[Task details]
Return all lines of the records that contain the word "index".

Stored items

Lemma node_paths_nonempty n : node_wf n -> exists p, p \in node_paths n.
Proof.
elim/dnode_nested_ind: n => [d|f [|[b c] ch] IHch] //=; first by exists ([::], d); rewrite inE.
case/andP=> wfc _; have [q qc] := IHch b c (or_introl erefl) wfc.
exists ((f, b) :: q.1, q.2); rewrite mem_cat; apply/orP; left; apply/mapP; by exists q.
Qed.

Lemma all_flatten (T : Type) (p : pred T) (ss : seq (seq T)) :
  all p (flatten ss) = all (all p) ss.
Proof. by elim: ss => //= s ss IHss; rewrite all_cat IHss. Qed.

Lemma row_sat_cat cs v w1 w2 : row_sat cs v (w1 ++ w2) = row_sat cs v w1 && row_sat cs v w2.
Proof. by rewrite /row_sat all_cat. Qed.

Lemma row_sat1 cs v a b : row_sat cs v [:: (a, b)] = (nth false v (index a cs) == b).
Proof. by rewrite /row_sat /= andbT. Qed.

Definition covers (T : table) (w : seq (nat * bool)) (n : dnode) : Prop :=
  forall r, r \in rows T -> row_sat (cols T) r.1 w ->
    has (fun p => row_sat (cols T) r.1 (w ++ p.1)) (node_paths n).

Definition decides (T : table) (w : seq (nat * bool)) (n : dnode) : Prop :=
  forall p, p \in node_paths n ->
    nilp (subrows T (w ++ p.1)) || all (fun r => p.2 \in r.2) (subrows T (w ++ p.1)).

Lemma covers_child T w f ch b c : uniq (map fst ch) -> List.In (b, c) ch ->
  covers T w (Node f ch) -> covers T (w ++ [:: (f, b)]) c.
Proof.
move=> uch bc covn r rT; rewrite row_sat_cat row_sat1 => /andP [rw /eqP rf].
have /hasP [p /mem_node_paths [b' [c' [q [bc' qc ->]]]]] := covn r rT rw.
rewrite row_sat_cat /= => /andP [_ /andP [/eqP rb' rq]].
move: bc'; rewrite -rb' rf => bc'; rewrite (uniq_fst_In uch bc bc').
by apply/hasP; exists q; rewrite // -catA row_sat_cat /= rw rf eqxx.
Qed.

Lemma decides_child T w f ch b c : List.In (b, c) ch ->
  decides T w (Node f ch) -> decides T (w ++ [:: (f, b)]) c.
Proof.
move=> bc decn q qc; rewrite -catA; apply: (decn ((f, b) :: q.1, q.2)).
by apply/mem_node_paths; exists b, c, q.
Qed.

Lemma det_tree_for_single T n : det_tree_for T [:: n] <->
  [/\ node_wf n, node_det n, all (fun f => f \in cols T) (node_attrs n),
      covers T [::] n & decides T [::] n].
Proof.
rewrite /det_tree_for /nd_tree_for /tree_det /tree_wf /tree_attrs /tree_paths /= !cats0 !andbT.
split=> [/andP [/and4P [wfn atn /allP covn /allP decn] detn]|[-> -> atn covn decn]].
  by split=> // r rT _; apply: covn.
by rewrite andbT; apply/and4P; split=> //; apply/allP => x xin; [exact: covn | exact: decn].
Qed.

Lemma eq_negb (x y : bool) : (x == ~~ y) = (x != y).
Proof. by case: x; case: y. Qed.

Lemma exists_notin_neq (Q C : seq nat) x : uniq C -> count (mem Q) C + 2 <= size C ->
  exists j, [/\ j \in C, j \notin Q & j != x].
Proof.
move=> uC szC; pose F := [seq j <- C | j \notin Q].
have szF : 1 < size F.
  rewrite size_filter; move: szC; rewrite -(count_predC (mem Q) C).
  change (count (predC (mem Q)) C) with (count (fun j => j \notin Q) C); lia.
apply: contrapT => noj; suff : size F <= size [:: x] by rewrite /= leqNgt szF.
apply: uniq_leq_size; first exact: filter_uniq.
move=> j; rewrite mem_filter inE => /andP [jQ jC].
by apply: contrapT => /negP jx; apply: noj; exists j.
Qed.

Section SpikeTable.
Variables (C : seq nat) (R : seq (seq bool * seq nat)) (av : nat -> bool).
Local Notation T1 := (Table C R).
Local Notation value v a := (nth false v (index a C)).

Hypothesis row_deviates : forall r, r \in R -> exists2 a, a \in C & value r.1 a != av a.
Hypothesis deviation_decides :
  forall r a, r \in R -> a \in C -> value r.1 a != av a -> a \in r.2.

Definition star_tree : dtree := [seq Node a [:: (~~ av a, Leaf a)] | a <- C].

Lemma star_tree_paths : tree_paths star_tree = [seq ([:: (a, ~~ av a)], a) | a <- C].
Proof. by rewrite /tree_paths /star_tree; elim: C => //= a s ->. Qed.

Lemma star_tree_for : 0 < size C -> nd_tree_for T1 star_tree.
Proof.
move=> C0; apply/and4P; split.
- by rewrite /tree_wf /star_tree size_map C0 /=; elim: (C) => //= a s ->.
- have -> : tree_attrs star_tree = C by rewrite /tree_attrs /star_tree; elim: (C) => //= a s ->.
  exact/allP.
- apply/allP => r rR; rewrite star_tree_paths; have [a aC dev_a] := row_deviates rR.
  apply/hasP; exists ([:: (a, ~~ av a)], a); first exact: map_f.
  by rewrite /row_sat /= andbT eq_negb.
- rewrite star_tree_paths; apply/allP => _ /mapP [a aC ->] /=; apply/orP; right.
  apply/allP => r; rewrite mem_filter /row_sat /= andbT eq_negb => /andP [dev_a rR].
  exact: deviation_decides.
Qed.

Lemma psi_a_spike_le psi : psi_a psi T1 <= \max_(a <- C) psi [:: a].
Proof.
rewrite /psi_a /=; case: ifPn => // R0.
have [r rR] : exists r, r \in R by move: R0; case: (R) => // r ? _; exists r; rewrite mem_head.
have C0 : 0 < size C by have [a aC _] := row_deviates rR; case: (C) aC.
apply: leq_trans (nat_min_le (k := tree_cost psi star_tree) _) _.
  by exists star_tree; split=> //; apply: star_tree_for.
by rewrite /tree_cost star_tree_paths big_map.
Qed.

[Answer area]
Lemma row_sat1 cs v a b : row_sat cs v [:: (a, b)] = (nth false v (index a cs) == b).
Local Notation value v a := (nth false v (index a C)).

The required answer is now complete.